> Stored items
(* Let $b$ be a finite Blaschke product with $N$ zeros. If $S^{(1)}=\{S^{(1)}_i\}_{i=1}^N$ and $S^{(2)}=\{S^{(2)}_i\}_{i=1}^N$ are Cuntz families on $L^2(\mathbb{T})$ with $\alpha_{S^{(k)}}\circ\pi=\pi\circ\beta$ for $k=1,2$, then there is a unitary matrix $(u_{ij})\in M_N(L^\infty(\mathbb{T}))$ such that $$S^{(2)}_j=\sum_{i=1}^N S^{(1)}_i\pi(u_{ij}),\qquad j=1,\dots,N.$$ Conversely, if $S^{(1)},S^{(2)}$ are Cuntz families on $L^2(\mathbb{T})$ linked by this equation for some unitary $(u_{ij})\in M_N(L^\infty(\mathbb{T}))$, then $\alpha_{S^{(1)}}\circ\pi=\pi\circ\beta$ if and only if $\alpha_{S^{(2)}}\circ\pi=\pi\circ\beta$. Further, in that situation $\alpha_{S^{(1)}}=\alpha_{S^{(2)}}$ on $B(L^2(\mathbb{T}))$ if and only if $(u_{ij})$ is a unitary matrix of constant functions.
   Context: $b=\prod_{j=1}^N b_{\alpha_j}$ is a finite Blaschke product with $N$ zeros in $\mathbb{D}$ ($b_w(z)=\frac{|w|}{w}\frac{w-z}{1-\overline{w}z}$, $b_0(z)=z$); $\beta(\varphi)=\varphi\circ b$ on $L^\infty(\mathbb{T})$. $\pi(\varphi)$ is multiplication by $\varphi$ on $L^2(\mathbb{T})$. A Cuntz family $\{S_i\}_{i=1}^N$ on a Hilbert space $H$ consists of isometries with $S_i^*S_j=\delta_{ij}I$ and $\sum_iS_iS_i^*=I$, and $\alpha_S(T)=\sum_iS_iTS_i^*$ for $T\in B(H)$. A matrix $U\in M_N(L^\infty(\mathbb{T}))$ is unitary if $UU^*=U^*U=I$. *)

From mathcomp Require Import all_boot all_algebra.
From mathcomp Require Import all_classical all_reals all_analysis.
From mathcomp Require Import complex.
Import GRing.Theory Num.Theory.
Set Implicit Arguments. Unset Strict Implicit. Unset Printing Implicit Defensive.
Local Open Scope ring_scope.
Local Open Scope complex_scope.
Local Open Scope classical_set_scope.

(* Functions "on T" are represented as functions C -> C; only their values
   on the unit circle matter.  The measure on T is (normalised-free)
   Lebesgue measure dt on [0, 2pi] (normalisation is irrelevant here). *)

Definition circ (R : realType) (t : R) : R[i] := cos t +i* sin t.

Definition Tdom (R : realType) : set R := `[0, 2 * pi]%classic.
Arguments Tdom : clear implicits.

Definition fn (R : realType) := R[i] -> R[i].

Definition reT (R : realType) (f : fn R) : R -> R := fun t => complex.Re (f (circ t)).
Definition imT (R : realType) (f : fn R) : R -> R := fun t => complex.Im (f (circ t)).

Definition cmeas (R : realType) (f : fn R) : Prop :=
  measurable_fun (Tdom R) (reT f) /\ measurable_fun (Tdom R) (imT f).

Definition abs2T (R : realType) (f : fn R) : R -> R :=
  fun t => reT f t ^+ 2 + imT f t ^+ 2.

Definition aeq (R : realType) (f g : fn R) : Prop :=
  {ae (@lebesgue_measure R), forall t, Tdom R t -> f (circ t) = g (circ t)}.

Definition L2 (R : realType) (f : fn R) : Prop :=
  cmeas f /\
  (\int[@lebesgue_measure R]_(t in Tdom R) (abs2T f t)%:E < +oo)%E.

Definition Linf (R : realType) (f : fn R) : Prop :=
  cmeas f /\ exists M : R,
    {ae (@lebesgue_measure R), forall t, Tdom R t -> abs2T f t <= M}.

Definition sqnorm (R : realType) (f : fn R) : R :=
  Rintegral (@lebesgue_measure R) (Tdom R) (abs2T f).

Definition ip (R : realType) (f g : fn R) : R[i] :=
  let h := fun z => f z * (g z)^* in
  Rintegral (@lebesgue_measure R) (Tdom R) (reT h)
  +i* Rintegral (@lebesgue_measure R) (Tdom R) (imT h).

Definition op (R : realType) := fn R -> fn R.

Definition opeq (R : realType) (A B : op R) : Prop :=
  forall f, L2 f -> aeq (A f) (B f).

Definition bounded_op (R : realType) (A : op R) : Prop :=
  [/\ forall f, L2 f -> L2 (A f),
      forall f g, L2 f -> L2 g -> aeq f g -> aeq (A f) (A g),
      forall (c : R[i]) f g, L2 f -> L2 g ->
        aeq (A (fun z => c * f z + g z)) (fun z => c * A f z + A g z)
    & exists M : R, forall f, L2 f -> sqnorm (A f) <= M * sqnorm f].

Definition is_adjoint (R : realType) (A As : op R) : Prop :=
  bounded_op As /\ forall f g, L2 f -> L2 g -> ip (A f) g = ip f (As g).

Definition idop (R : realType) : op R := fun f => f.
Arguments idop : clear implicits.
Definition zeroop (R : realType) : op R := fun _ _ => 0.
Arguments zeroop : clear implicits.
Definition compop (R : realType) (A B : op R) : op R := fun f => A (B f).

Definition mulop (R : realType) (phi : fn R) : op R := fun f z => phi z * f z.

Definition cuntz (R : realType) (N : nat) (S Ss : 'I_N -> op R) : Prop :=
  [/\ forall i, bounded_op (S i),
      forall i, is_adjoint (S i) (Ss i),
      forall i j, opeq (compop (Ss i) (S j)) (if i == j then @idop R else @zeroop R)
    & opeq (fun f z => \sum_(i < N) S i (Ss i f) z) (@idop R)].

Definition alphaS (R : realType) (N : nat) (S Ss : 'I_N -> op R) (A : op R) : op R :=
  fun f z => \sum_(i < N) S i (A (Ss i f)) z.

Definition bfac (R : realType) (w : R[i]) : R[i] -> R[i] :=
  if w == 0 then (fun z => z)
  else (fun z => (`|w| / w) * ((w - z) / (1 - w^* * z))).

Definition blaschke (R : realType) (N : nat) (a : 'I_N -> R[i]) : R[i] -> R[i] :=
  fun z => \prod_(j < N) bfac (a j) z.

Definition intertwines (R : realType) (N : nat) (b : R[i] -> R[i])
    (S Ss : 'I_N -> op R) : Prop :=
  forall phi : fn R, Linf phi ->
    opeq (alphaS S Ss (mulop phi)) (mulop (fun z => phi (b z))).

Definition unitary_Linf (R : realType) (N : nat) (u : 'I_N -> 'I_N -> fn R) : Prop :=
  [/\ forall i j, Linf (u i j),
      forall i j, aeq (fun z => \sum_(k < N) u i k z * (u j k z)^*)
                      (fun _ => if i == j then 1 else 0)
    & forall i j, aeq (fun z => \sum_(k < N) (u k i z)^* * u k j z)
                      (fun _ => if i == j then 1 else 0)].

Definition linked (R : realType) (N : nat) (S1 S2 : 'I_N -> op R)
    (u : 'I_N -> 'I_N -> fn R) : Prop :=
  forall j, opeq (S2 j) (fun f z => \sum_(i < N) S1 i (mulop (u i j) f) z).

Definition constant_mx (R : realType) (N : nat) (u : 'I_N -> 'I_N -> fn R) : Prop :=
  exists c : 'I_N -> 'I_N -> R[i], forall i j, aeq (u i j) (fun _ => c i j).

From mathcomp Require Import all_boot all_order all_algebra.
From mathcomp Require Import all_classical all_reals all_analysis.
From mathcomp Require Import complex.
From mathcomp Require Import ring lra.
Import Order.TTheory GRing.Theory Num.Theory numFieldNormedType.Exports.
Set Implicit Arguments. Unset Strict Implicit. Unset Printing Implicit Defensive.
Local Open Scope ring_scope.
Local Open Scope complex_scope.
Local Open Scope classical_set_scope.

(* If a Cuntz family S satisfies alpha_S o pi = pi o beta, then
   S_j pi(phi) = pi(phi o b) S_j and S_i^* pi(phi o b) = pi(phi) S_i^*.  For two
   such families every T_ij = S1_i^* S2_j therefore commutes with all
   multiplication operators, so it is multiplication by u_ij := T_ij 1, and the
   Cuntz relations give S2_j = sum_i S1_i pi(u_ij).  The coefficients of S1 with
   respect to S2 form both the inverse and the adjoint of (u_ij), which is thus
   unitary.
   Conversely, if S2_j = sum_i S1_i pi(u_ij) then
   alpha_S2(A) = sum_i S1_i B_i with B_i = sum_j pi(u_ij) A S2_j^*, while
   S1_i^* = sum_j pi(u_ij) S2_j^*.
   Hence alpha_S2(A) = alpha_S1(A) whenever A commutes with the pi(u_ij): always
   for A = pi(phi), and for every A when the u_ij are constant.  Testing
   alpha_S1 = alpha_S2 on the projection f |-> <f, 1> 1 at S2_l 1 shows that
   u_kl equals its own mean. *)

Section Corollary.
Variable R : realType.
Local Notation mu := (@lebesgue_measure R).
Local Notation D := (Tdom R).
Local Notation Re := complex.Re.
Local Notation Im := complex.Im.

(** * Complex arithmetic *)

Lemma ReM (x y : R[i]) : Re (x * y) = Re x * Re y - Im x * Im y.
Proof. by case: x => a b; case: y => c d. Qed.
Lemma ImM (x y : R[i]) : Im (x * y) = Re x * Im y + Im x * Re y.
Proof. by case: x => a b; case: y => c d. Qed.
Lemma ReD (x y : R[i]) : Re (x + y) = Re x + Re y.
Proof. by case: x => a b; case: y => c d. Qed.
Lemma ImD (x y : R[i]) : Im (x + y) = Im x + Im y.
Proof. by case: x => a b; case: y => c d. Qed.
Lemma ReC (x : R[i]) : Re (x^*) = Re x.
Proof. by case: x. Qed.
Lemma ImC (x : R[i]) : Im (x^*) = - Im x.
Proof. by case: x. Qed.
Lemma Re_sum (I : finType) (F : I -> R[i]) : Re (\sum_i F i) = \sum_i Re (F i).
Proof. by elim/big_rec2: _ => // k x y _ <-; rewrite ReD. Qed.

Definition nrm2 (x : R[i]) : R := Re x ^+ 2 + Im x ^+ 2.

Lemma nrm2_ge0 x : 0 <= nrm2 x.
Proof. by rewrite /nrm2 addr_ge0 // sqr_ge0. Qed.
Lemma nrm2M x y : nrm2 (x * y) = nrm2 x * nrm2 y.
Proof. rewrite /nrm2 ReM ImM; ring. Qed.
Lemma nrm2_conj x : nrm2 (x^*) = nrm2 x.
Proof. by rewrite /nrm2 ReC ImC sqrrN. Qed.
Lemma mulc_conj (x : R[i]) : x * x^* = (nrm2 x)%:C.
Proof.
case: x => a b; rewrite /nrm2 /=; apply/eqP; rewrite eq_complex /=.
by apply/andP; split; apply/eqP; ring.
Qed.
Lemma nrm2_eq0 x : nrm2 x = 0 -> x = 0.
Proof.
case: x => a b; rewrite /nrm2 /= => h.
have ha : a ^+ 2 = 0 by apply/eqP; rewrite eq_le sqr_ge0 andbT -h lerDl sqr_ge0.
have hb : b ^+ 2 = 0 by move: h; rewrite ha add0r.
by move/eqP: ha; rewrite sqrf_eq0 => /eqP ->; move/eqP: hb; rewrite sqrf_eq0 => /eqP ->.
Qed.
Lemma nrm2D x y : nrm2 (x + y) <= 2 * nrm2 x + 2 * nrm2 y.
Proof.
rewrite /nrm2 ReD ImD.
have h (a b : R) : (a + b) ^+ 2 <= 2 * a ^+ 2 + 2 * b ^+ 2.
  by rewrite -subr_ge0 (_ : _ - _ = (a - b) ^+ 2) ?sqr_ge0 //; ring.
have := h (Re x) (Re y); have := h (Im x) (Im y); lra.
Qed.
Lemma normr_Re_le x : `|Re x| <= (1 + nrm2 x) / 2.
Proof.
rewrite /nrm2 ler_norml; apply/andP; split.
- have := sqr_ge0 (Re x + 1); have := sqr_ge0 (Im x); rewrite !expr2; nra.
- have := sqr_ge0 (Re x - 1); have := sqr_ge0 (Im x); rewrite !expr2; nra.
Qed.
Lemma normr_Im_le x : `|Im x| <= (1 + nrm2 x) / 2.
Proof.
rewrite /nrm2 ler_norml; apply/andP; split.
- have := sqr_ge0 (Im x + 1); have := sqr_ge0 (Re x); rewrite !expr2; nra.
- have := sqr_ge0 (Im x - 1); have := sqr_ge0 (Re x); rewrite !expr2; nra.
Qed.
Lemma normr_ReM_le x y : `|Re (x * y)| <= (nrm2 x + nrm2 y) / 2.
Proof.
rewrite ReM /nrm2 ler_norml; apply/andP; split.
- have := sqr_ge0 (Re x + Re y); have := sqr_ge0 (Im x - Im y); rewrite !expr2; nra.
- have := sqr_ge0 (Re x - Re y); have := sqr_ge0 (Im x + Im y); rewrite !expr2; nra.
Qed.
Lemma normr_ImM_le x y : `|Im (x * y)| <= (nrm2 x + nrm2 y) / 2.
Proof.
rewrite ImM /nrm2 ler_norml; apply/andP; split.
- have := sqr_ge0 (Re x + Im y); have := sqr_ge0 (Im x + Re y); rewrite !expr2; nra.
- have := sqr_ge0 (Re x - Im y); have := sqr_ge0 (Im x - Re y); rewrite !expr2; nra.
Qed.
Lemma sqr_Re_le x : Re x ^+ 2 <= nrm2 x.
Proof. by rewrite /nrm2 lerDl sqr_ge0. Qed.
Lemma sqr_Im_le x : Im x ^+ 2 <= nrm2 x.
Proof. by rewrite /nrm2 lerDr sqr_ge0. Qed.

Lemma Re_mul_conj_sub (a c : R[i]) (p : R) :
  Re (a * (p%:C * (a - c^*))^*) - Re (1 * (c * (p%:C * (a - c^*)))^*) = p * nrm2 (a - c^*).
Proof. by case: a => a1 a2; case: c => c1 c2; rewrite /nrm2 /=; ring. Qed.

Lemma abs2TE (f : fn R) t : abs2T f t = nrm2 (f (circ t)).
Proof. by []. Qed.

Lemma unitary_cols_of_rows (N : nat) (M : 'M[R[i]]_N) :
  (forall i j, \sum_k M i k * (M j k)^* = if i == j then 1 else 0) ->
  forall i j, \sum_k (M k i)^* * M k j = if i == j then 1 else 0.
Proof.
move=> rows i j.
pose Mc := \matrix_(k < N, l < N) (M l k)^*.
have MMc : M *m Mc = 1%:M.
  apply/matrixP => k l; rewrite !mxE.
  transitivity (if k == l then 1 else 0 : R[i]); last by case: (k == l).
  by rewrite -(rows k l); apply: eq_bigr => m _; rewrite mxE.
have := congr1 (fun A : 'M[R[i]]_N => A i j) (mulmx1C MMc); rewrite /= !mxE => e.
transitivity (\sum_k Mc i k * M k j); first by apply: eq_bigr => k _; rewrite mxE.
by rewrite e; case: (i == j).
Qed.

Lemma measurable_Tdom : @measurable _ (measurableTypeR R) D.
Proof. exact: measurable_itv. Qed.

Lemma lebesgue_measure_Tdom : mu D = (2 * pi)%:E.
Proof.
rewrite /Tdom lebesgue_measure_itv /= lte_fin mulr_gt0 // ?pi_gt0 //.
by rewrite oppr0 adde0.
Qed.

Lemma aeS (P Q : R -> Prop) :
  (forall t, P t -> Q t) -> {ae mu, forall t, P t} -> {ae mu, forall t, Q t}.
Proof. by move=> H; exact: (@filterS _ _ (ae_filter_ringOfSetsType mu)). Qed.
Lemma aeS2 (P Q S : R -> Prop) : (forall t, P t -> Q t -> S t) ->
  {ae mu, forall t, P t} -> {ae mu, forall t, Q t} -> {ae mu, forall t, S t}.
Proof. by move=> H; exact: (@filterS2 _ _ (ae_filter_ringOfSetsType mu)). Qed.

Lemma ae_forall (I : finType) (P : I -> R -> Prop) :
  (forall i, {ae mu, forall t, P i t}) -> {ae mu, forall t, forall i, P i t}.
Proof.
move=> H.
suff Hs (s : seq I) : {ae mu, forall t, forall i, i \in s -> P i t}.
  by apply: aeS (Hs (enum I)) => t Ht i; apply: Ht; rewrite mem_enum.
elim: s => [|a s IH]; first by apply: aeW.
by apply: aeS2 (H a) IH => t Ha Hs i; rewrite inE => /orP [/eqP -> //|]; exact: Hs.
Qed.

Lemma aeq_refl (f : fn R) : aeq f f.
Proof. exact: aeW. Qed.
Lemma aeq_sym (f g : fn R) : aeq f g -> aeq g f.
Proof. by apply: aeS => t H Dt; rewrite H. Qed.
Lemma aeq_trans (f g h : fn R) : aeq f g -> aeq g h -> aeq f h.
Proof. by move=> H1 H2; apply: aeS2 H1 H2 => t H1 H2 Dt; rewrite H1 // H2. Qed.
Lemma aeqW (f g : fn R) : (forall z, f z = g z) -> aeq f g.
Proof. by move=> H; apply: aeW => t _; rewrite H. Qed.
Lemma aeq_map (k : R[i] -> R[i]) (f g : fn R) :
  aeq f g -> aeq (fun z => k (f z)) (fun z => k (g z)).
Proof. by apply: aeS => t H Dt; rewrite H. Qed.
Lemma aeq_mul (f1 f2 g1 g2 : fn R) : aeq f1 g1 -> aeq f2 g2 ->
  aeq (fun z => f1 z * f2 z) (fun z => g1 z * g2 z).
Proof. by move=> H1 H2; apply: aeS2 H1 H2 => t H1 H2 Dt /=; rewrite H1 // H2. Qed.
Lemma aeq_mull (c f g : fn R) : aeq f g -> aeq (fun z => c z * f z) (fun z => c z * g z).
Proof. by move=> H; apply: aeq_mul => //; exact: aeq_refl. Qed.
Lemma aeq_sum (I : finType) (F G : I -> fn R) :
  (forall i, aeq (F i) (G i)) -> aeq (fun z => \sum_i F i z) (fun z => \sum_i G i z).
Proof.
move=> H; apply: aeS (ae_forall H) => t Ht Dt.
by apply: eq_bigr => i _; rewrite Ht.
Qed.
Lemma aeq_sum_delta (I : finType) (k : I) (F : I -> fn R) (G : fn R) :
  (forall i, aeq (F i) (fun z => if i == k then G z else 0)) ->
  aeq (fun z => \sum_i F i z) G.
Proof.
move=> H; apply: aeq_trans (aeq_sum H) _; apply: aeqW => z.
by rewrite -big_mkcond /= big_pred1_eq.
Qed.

> WORK ITEM
Your reply should be one number: how many lines in the entries above contain the word "such".

> YOUR SOLUTION
2